_TASK TO CARRY OUT:_ For the records that follow, please set down exactly the lines between the one holding "continuous_fun f ->" and the one holding "Lemma continuous_fun_seq n", inclusive, and only those.

_RECORDS FOR THE EXERCISE:_
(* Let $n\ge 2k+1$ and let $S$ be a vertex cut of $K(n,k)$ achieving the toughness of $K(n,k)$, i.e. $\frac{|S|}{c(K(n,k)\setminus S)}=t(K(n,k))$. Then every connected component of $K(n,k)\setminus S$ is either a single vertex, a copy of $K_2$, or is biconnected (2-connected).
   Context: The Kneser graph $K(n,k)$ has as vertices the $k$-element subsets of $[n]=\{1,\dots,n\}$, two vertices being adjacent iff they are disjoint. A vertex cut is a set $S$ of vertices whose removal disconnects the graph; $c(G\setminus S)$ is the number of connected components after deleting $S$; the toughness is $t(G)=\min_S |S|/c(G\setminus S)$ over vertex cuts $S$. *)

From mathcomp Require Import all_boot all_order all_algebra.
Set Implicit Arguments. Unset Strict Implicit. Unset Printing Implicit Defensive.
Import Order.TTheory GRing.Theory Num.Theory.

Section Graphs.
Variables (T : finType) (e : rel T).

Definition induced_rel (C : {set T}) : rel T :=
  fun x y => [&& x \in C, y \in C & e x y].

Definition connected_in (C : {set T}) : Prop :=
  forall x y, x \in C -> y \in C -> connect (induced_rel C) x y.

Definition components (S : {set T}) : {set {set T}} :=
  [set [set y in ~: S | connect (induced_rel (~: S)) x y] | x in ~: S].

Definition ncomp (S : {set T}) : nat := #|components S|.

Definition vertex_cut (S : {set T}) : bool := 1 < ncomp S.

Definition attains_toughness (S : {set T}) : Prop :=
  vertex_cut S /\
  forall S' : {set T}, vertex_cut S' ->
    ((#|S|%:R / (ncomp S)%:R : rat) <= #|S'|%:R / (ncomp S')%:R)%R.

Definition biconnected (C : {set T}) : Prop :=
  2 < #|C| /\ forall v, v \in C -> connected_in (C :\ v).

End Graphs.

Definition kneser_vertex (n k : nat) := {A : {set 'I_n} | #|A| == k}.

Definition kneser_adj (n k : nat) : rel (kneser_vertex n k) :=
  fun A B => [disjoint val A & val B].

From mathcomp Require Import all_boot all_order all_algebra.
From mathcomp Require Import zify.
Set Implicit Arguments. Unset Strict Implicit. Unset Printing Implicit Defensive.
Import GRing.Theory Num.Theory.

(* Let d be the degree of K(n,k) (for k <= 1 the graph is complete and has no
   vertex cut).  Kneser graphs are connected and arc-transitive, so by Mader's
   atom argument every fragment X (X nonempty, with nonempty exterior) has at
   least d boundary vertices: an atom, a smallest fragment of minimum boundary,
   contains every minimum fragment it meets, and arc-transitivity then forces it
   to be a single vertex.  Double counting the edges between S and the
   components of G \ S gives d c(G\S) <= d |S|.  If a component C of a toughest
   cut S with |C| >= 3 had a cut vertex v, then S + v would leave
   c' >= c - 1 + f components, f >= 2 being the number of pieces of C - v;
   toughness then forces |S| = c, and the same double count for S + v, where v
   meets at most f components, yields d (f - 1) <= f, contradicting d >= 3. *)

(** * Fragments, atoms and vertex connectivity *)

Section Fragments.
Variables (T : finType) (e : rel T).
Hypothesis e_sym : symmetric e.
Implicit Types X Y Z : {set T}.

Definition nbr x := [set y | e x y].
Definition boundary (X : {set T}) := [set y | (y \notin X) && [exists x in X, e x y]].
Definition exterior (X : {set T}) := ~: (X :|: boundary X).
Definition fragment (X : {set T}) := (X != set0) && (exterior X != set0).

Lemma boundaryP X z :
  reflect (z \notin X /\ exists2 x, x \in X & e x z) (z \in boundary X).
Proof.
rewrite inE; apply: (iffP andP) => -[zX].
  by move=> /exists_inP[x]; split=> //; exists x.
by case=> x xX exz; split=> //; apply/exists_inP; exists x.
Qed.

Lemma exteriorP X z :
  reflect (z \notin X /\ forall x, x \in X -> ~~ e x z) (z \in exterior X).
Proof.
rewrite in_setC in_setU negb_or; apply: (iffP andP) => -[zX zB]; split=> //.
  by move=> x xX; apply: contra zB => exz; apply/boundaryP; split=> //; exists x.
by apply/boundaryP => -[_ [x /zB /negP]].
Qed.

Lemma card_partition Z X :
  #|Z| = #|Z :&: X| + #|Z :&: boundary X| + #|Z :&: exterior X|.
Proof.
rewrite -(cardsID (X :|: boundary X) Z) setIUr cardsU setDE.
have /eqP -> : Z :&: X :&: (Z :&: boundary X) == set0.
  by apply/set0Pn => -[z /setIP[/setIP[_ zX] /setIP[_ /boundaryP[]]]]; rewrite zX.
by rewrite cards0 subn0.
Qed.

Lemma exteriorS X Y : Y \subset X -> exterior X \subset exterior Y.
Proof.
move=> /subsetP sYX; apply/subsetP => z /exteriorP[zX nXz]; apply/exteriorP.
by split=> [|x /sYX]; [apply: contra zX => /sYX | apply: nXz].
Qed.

---

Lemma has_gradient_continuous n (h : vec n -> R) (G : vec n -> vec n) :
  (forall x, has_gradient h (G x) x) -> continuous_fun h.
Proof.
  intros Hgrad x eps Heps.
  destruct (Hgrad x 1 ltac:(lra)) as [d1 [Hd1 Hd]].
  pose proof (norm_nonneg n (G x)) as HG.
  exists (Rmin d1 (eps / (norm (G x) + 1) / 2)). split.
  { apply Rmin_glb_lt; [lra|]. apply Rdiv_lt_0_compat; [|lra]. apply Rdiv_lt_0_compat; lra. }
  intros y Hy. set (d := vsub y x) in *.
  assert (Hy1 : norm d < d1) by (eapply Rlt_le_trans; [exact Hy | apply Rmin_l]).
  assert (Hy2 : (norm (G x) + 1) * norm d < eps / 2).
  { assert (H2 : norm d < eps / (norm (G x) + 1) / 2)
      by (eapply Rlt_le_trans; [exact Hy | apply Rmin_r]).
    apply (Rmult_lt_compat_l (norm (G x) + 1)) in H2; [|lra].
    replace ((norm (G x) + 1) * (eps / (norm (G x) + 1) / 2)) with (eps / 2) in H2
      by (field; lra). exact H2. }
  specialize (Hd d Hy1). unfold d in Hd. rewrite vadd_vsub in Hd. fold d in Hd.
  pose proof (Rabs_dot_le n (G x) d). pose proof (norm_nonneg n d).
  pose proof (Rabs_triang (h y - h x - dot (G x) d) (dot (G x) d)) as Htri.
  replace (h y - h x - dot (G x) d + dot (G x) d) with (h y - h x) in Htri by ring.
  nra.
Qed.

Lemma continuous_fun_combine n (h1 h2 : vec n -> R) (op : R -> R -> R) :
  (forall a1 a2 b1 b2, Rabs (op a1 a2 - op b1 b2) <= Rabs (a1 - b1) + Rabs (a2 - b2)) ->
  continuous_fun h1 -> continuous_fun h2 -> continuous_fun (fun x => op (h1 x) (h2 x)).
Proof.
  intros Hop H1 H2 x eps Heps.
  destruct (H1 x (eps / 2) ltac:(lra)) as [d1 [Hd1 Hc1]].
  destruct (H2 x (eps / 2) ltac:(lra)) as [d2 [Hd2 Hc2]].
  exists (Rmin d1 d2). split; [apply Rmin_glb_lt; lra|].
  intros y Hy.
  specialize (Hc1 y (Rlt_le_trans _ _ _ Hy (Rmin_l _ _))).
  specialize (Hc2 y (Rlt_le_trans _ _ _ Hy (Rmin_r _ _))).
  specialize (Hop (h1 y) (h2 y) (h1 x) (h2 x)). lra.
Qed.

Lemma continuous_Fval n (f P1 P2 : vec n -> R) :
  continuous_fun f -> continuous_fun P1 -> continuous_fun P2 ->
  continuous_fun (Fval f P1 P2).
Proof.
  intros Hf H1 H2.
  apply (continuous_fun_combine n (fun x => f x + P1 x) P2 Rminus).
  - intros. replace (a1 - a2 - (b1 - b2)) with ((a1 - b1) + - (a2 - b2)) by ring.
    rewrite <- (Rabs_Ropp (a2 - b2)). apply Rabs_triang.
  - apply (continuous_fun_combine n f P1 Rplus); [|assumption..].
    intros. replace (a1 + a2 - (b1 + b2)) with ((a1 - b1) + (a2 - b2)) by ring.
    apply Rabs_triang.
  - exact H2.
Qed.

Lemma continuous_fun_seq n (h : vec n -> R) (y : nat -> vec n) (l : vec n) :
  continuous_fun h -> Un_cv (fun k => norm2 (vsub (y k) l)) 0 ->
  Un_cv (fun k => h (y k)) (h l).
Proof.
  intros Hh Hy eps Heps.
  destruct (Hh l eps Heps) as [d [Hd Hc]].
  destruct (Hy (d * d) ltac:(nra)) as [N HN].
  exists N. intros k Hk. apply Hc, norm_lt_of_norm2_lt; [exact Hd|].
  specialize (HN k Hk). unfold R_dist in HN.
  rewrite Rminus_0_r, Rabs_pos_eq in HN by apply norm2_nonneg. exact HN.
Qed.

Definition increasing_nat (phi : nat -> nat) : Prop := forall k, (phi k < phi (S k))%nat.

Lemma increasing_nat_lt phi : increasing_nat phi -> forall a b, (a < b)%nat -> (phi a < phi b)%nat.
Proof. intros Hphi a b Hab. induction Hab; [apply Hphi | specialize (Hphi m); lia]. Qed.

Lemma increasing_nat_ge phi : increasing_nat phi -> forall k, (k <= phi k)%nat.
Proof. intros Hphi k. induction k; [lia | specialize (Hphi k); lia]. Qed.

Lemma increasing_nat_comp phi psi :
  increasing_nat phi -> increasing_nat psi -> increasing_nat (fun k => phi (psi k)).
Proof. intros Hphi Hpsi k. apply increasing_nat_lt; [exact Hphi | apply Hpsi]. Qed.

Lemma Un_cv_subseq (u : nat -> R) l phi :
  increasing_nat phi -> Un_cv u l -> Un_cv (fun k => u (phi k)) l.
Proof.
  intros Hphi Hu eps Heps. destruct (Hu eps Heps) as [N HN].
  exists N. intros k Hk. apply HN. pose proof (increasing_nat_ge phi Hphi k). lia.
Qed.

_TASK SOLUTION:_
  continuous_fun f -> continuous_fun P1 -> continuous_fun P2 ->
  continuous_fun (Fval f P1 P2).
Proof.
  intros Hf H1 H2.
  apply (continuous_fun_combine n (fun x => f x + P1 x) P2 Rminus).
  - intros. replace (a1 - a2 - (b1 - b2)) with ((a1 - b1) + - (a2 - b2)) by ring.
    rewrite <- (Rabs_Ropp (a2 - b2)). apply Rabs_triang.
  - apply (continuous_fun_combine n f P1 Rplus); [|assumption..].
    intros. replace (a1 + a2 - (b1 + b2)) with ((a1 - b1) + (a2 - b2)) by ring.
    apply Rabs_triang.
  - exact H2.
Qed.

Lemma continuous_fun_seq n (h : vec n -> R) (y : nat -> vec n) (l : vec n) :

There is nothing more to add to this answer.